Это проявлялось, во-первых, в торжественных открытиях и закрытиях сейма, во-вторых, в порядке совещаний, который тоже имел ритуально-символические черты. Древнейшее и наиболее прочное ядро церемониала содержалось уже в Золотой булле. И хотя она определяла только церемониальные правила торжественных собраний князей-избирателей, это были единственные юридически оформленные процедурные правила — они стали образцом при разработке процедурных норм для всего имперского сейма. Согласно церемониальным правилам Золотой буллы, представители имперских сословий собирались перед домом, где располагался император или его делегат, сопровождали его в организованной процессии до здания храма, где исполнялась инаугурационная месса De sancto spiritu; далее, они направлялись с ним в городскую ратушу, рассаживались там в строгом порядке, выслушивали предложения императора, благодарили его и в совместном шествии возвращались назад. Сходным был порядок заключительной сессии, когда оглашалось и принималось решение имперского сейма. В этой церемонии император выступал единственным главой происходящего: только созыв и церемония торжественного открытия, проведенные от его имени, делали имперский сейм имперским сеймом. Здесь располагалось общественное пространство, в котором (в церемониально-символической форме, до всякого обсуждения) выдвигались возражения и затевались споры: здесь пересматривалась иерархическая структура имперских сословий и решались вопросы социального статуса; здесь выносились на обсуждение отношения между императором и папой и конфессиональные конфликты. Все, что принимало и освящало здешнее собрание, становилось незыблемым и могло лечь в основу любого правового притязания [Oestreich 1972; Luttenberger 1987; Stollberg-Rilinger 1997; Sikora 2001].
Сама форма обсуждения тоже имела церемониально-символический смысл. Протокольный порядок рассадки участников неизменно и демонстрировал, и подтверждал их социальное положение, а иногда, в сомнительных случаях, даже создавал его; он определял очередность подачи голосов во время принятия решения. Данная очередность указывала на положение голосующего, так что его роль в церемониале не отличалась от его роли в социальной имперской иерархии. Это порождало бесконечные споры во время заседаний, которые постоянно вызывали недовольство и мешали успешному и деловому обсуждению. С другой стороны, церемониальная посадка также придавала заседаниям предсказуемый, организованный порядок, представляя собой церемониального двойника несуществующего письменного регламента. Споры продолжались до конца XVII века, когда имперский сейм стал постоянно действующим органом.

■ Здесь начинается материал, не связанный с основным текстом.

(* A well-founded order $P$ is up-regular if and only if for every trunk $T$ of $P$ such that the set of levels of $P$ meeting $T$ has a largest element $h$, the set $T\cup L_h$ is a trunk, where $L_h=\{x:\mathrm{Level}(x)=h\}$. In particular, in an up-regular well-founded order, every trunk that is maximal under inclusion and meets a highest level $L_h$ contains $L_h$.
   Context: Orders are partial orders; $x\sim y$ means $x\ne y$ and $x,y$ incomparable. For a well-founded order $P$, $\mathrm{Level}(x)=\sup\{\mathrm{Level}(y)+1:y<x\}$. An element $x$ is up-regular if for all $y,z$ with $\mathrm{Level}(x)<\mathrm{Level}(y)=\mathrm{Level}(z)$ we have $x<y\iff x<z$; $P$ is up-regular if all its elements are. A trunk of $P$ is a subset $T$ such that for pairwise distinct $x,y,z\in T$, $x\sim y$ and $y\sim z$ imply $x\sim z$. *)

From Stdlib Require Import Classical.

Definition strict {T : Type} (le : T -> T -> Prop) (x y : T) : Prop :=
  le x y /\ x <> y.

Record wf_order {T : Type} (le : T -> T -> Prop) : Prop := {
  wfo_refl : forall x, le x x;
  wfo_antisym : forall x y, le x y -> le y x -> x = y;
  wfo_trans : forall x y z, le x y -> le y z -> le x z;
  wfo_wf : well_founded (strict le)
}.

Definition incomp {T : Type} (le : T -> T -> Prop) (x y : T) : Prop :=
  x <> y /\ ~ le x y /\ ~ le y x.

(* A (strict) well-order, used as the codomain of the Level function
   (standing in for the class of ordinals). *)
Record well_order {O : Type} (ltO : O -> O -> Prop) : Prop := {
  wo_irrefl : forall a, ~ ltO a a;
  wo_trans : forall a b c, ltO a b -> ltO b c -> ltO a c;
  wo_total : forall a b, ltO a b \/ a = b \/ ltO b a;
  wo_wf : well_founded ltO
}.

Definition leO {O : Type} (ltO : O -> O -> Prop) (a b : O) : Prop :=
  ltO a b \/ a = b.

(* Level x = sup { Level y + 1 : y < x }, i.e. Level x is the least element
   of O strictly above every Level y with y < x. *)
Definition is_level {T O : Type} (le : T -> T -> Prop) (ltO : O -> O -> Prop)
    (Level : T -> O) : Prop :=
  forall x,
    (forall y, strict le y x -> ltO (Level y) (Level x)) /\
    (forall o, (forall y, strict le y x -> ltO (Level y) o) -> leO ltO (Level x) o).

Definition up_regular_elt {T O : Type} (le : T -> T -> Prop) (ltO : O -> O -> Prop)
    (Level : T -> O) (x : T) : Prop :=
  forall y z, ltO (Level x) (Level y) -> Level y = Level z ->
    (strict le x y <-> strict le x z).

Definition up_regular {T O : Type} (le : T -> T -> Prop) (ltO : O -> O -> Prop)
    (Level : T -> O) : Prop :=
  forall x, up_regular_elt le ltO Level x.

Definition trunk {T : Type} (le : T -> T -> Prop) (S : T -> Prop) : Prop :=
  forall x y z, S x -> S y -> S z -> x <> y -> y <> z -> x <> z ->
    incomp le x y -> incomp le y z -> incomp le x z.

Definition largest_level_meeting {T O : Type} (ltO : O -> O -> Prop)
    (Level : T -> O) (S : T -> Prop) (h : O) : Prop :=
  (exists x, S x /\ Level x = h) /\ (forall y, S y -> leO ltO (Level y) h).

Definition level_set {T O : Type} (Level : T -> O) (h : O) (x : T) : Prop :=
  Level x = h.

Definition maximal_trunk {T : Type} (le : T -> T -> Prop) (S : T -> Prop) : Prop :=
  trunk le S /\
  forall S', trunk le S' -> (forall x, S x -> S' x) -> (forall x, S' x -> S x).

(* If [h] is the top level met by a trunk [S], pick a witness [w] of [S] at
   level [h].  By up-regularity an element of lower level is incomparable to
   an element of [L_h] iff it is incomparable to [w], so every forbidden
   configuration in [S] ∪ [L_h] transfers to one inside [S].  Conversely,
   adding [L_(Level y)] to the two-element trunk {x, y} with
   [Level x < Level y] forces [x < y] to propagate to all of [L_(Level y)]. *)

From Stdlib Require Import Classical.

Lemma incomp_sym {T : Type} {le : T -> T -> Prop} {a b : T} :
  incomp le a b -> incomp le b a.
Proof. intros [nab [nlab nlba]]; repeat split; auto. Qed.

Lemma trunk_pair {T : Type} (le : T -> T -> Prop) (a b : T) :
  trunk le (fun w => w = a \/ w = b).
Proof.
  intros x y z Hx Hy Hz nxy nyz nxz.
  exfalso; destruct Hx, Hy, Hz; subst; congruence.
Qed.

Section Levels.

Context {T O : Type} {le : T -> T -> Prop} {ltO : O -> O -> Prop}.
Context {Level : T -> O}.
Hypothesis HO : well_order ltO.
Hypothesis HL : is_level le ltO Level.

Lemma level_lt_strict {a b : T} : strict le a b -> ltO (Level a) (Level b).
Proof. exact (proj1 (HL b) a). Qed.

Lemma neq_of_level_lt {a b : T} : ltO (Level a) (Level b) -> a <> b.
Proof. intros Hab ->; exact (wo_irrefl _ HO _ Hab). Qed.

Lemma incomp_iff_not_strict {a b : T} :
  ltO (Level a) (Level b) -> (incomp le a b <-> ~ strict le a b).
Proof.
  intros Hab; pose proof (neq_of_level_lt Hab) as nab.
  split.
  - intros [_ [nlab _]] [lab _]; exact (nlab lab).
  - intros nsab; repeat split; auto.
    + intros lab; exact (nsab (conj lab nab)).
    + intros lba.
      pose proof (level_lt_strict (conj lba (not_eq_sym nab))) as Hba.
      exact (wo_irrefl _ HO _ (wo_trans _ HO _ _ _ Hab Hba)).
Qed.

Lemma incomp_of_level_eq {a b : T} :
  Level a = Level b -> a <> b -> incomp le a b.
Proof.
  intros Eab nab.
  assert (no_strict : forall u v, Level u = Level v -> ~ strict le u v).
  { intros u v Euv suv; pose proof (level_lt_strict suv) as Luv.
    rewrite Euv in Luv; exact (wo_irrefl _ HO _ Luv). }
  repeat split; auto.
  - intros lab; exact (no_strict a b Eab (conj lab nab)).
  - intros lba; exact (no_strict b a (eq_sym Eab) (conj lba (not_eq_sym nab))).
Qed.

Section UpRegular.

Hypothesis UR : up_regular le ltO Level.

Lemma up_regular_incomp {a b c : T} :
  ltO (Level a) (Level b) -> Level b = Level c ->
  (incomp le a b <-> incomp le a c).
Proof.
  intros Lab Ebc.
  assert (Lac : ltO (Level a) (Level c)) by (rewrite <- Ebc; exact Lab).
  rewrite (incomp_iff_not_strict Lab), (incomp_iff_not_strict Lac).
  pose proof (UR a b c Lab Ebc); tauto.
Qed.

Variables (S : T -> Prop) (h : O).
Hypothesis HS : trunk le S.
Hypothesis Hh : largest_level_meeting ltO Level S h.

Let union_top_level (x : T) : Prop := S x \/ level_set Level h x.

Lemma union_top_level_le {x : T} : union_top_level x -> leO ltO (Level x) h.
Proof. intros [Sx | Lx]; [exact (proj2 Hh x Sx) | right; exact Lx]. Qed.

Lemma union_top_level_below {x : T} : union_top_level x -> ltO (Level x) h -> S x.
Proof.
  intros [Sx | Lx] Lxh; [exact Sx |].
  unfold level_set in Lx; rewrite Lx in Lxh; destruct (wo_irrefl _ HO _ Lxh).
Qed.

Lemma union_top_level_chain_not_le {x y z : T} :
  union_top_level x -> union_top_level y -> union_top_level z ->
  incomp le x y -> incomp le y z -> x <> z -> ~ le x z.
Proof.
  intros Hx Hy Hz Ixy Iyz nxz lxz.
  destruct (proj1 Hh) as [w [Sw Lw]].
  pose proof (level_lt_strict (conj lxz nxz)) as Lxz.
  destruct (union_top_level_le Hz) as [Lzh | Lzh].
  - assert (Lxh : ltO (Level x) h) by exact (wo_trans _ HO _ _ _ Lxz Lzh).
    pose proof (union_top_level_below Hx Lxh) as Sx.
    pose proof (union_top_level_below Hz Lzh) as Sz.
    destruct (classic (S y)) as [Sy | nSy].
    + exact (proj1 (proj2 (HS x y z Sx Sy Sz (proj1 Ixy) (proj1 Iyz) nxz Ixy Iyz)) lxz).
    + assert (Ly : Level y = h) by (destruct Hy; tauto).
      assert (Ixw : incomp le x w).
      { apply (up_regular_incomp (a := x) (b := y)); congruence. }
      assert (Izw : incomp le z w).
      { apply (up_regular_incomp (a := z) (b := y)); [congruence | congruence |].
        exact (incomp_sym Iyz). }
      apply incomp_sym in Izw.
      exact (proj1 (proj2 (HS x w z Sx Sw Sz (proj1 Ixw) (proj1 Izw) nxz Ixw Izw)) lxz).
  - assert (Lxh : ltO (Level x) h) by (rewrite <- Lzh; exact Lxz).
    pose proof (union_top_level_below Hx Lxh) as Sx.
    assert (Lyh : ltO (Level y) h).
    { destruct (union_top_level_le Hy) as [Lyh | Lyh]; [exact Lyh | exfalso].
      assert (Ixz : incomp le x z).
      { apply (up_regular_incomp (a := x) (b := y)); congruence. }
      exact (proj1 (proj2 Ixz) lxz). }
    pose proof (union_top_level_below Hy Lyh) as Sy.
    assert (Iyw : incomp le y w).
    { apply (up_regular_incomp (a := y) (b := z)); congruence. }
    assert (nxw : x <> w) by (apply neq_of_level_lt; congruence).
    pose proof (HS x y w Sx Sy Sw (proj1 Ixy) (proj1 Iyw) nxw Ixy Iyw) as Ixw.
    assert (Ixz : incomp le x z).
    { apply (up_regular_incomp (a := x) (b := w)); congruence. }
    exact (proj1 (proj2 Ixz) lxz).
Qed.

Lemma trunk_union_top_level : trunk le union_top_level.
Proof.
  intros x y z Hx Hy Hz nxy nyz nxz Ixy Iyz.
  repeat split; [exact nxz | |].
  - exact (union_top_level_chain_not_le Hx Hy Hz Ixy Iyz nxz).
  - exact (union_top_level_chain_not_le Hz Hy Hx (incomp_sym Iyz) (incomp_sym Ixy)
             (not_eq_sym nxz)).
Qed.

End UpRegular.

Lemma up_regular_of_trunk_top_level :
  (forall (S : T -> Prop) (h : O), trunk le S ->
     largest_level_meeting ltO Level S h ->
     trunk le (fun x => S x \/ level_set Level h x)) ->
  up_regular le ltO Level.
Proof.
  intros Htop.
  assert (propagate : forall x y z, ltO (Level x) (Level y) -> Level y = Level z ->
                        strict le x y -> strict le x z).
  { intros x y z Lxy Eyz sxy.
    destruct (classic (y = z)) as [<- | nyz]; [exact sxy |].
    apply NNPP; intros nsxz.
    assert (Lxz : ltO (Level x) (Level z)) by congruence.
    assert (Hpair : largest_level_meeting ltO Level (fun w => w = x \/ w = y) (Level y)).
    { split; [exists y; auto |].
      intros w [-> | ->]; [left; exact Lxy | right; reflexivity]. }
    pose proof (Htop _ _ (trunk_pair le x y) Hpair) as Hunion.
    assert (Ixz : incomp le x z) by exact (proj2 (incomp_iff_not_strict Lxz) nsxz).
    assert (Izy : incomp le z y)
      by exact (incomp_of_level_eq (eq_sym Eyz) (not_eq_sym nyz)).
    assert (Ixy : incomp le x y).
    { apply (Hunion x z y); unfold level_set; auto.
      - exact (proj1 Ixz).
      - exact (neq_of_level_lt Lxy). }
    exact (proj1 (incomp_iff_not_strict Lxy) Ixy sxy). }
  intros x y z Lxy Eyz; split; apply propagate; congruence.
Qed.

End Levels.

Theorem mainTheorem12 (T O : Type) (le : T -> T -> Prop) (ltO : O -> O -> Prop)
    (Level : T -> O)
    (HP : wf_order le) (HO : well_order ltO) (HL : is_level le ltO Level) :
  (up_regular le ltO Level <->
     (forall (S : T -> Prop) (h : O),
        trunk le S -> largest_level_meeting ltO Level S h ->
        trunk le (fun x => S x \/ level_set Level h x)))
  /\
  (up_regular le ltO Level ->
     forall (S : T -> Prop) (h : O),
       maximal_trunk le S -> largest_level_meeting ltO Level S h ->
       forall x, level_set Level h x -> S x).
Proof.
  split; [split |].
  - intros UR S h HS Hh; exact (trunk_union_top_level HO HL UR S h HS Hh).
  - exact (up_regular_of_trunk_top_level HO HL).
  - intros UR S h [HS Hmax] Hh x Hx.
    exact (Hmax _ (trunk_union_top_level HO HL UR S h HS Hh) (fun y Sy => or_introl Sy) x
             (or_intror Hx)).
Qed.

Со временем многочисленные споры о статусе породили практику договорных соглашений (например, избирательные капитуляции, согласно которым князья-избиратели во время имперских мероприятий получали преимущество перед всеми, кроме монарших особ). Для того чтобы удовлетворить претензии на первенство у состязающихся сторон, сохранив атмосферу делового сотрудничества, потребовалось разработать весьма сложный церемониал очередности голосования. В конце концов это породило причудливую формальную систему, в которой невозможно было разобраться без поименных списков. Строгая очередность соблюдалась даже в том случае, если один и тот же делегат подавал голоса за разных избирателей. Очевидно, молодой Гегель и его современники в XVIII веке имели в виду подобные явления, когда упрекали немцев в «забавном суеверном пристрастии к внешним формам» [Hegel 1966: 85–86].
Это возвращает нас к вопросу о значении церемониала в Священной Римской империи и о его отношении к другим формам публичной политики, письменному слову и официальным процедурам. В заключение я хочу предложить некоторые общие соображения на эту тему.
Во-первых, сила наиболее древних, простых и общепринятых правил политического строя в основном, а иногда и исключительно, коренилась в обряде. Не существовало никакого позитивно-правового, отвлеченного, письменного обоснования, объяснявшего необходимость имперского строя целиком или в какой-нибудь его важной структурной части. Не было никакого официального, письменного определения, имеющего юридическую силу, того, что составляло королевскую и императорскую власть, — точно были известны только ограничения, накладываемые на деятельность императора. Не существовало четкого определения ни имперского сословия, ни даже самой империи. Правоведы, пытавшиеся осмыслить это в отвлеченных теоретических понятиях, оказывались в тупике: умозрительным путем невозможно было достигнуть общего согласия. Только церемониал позволял ощутить единство и порядок империи. Его двойственная и неопределенная природа, его открытость к разнообразным толкованиям дали возможность создать ощущение согласия, которого едва ли можно было достичь теоретическим путем.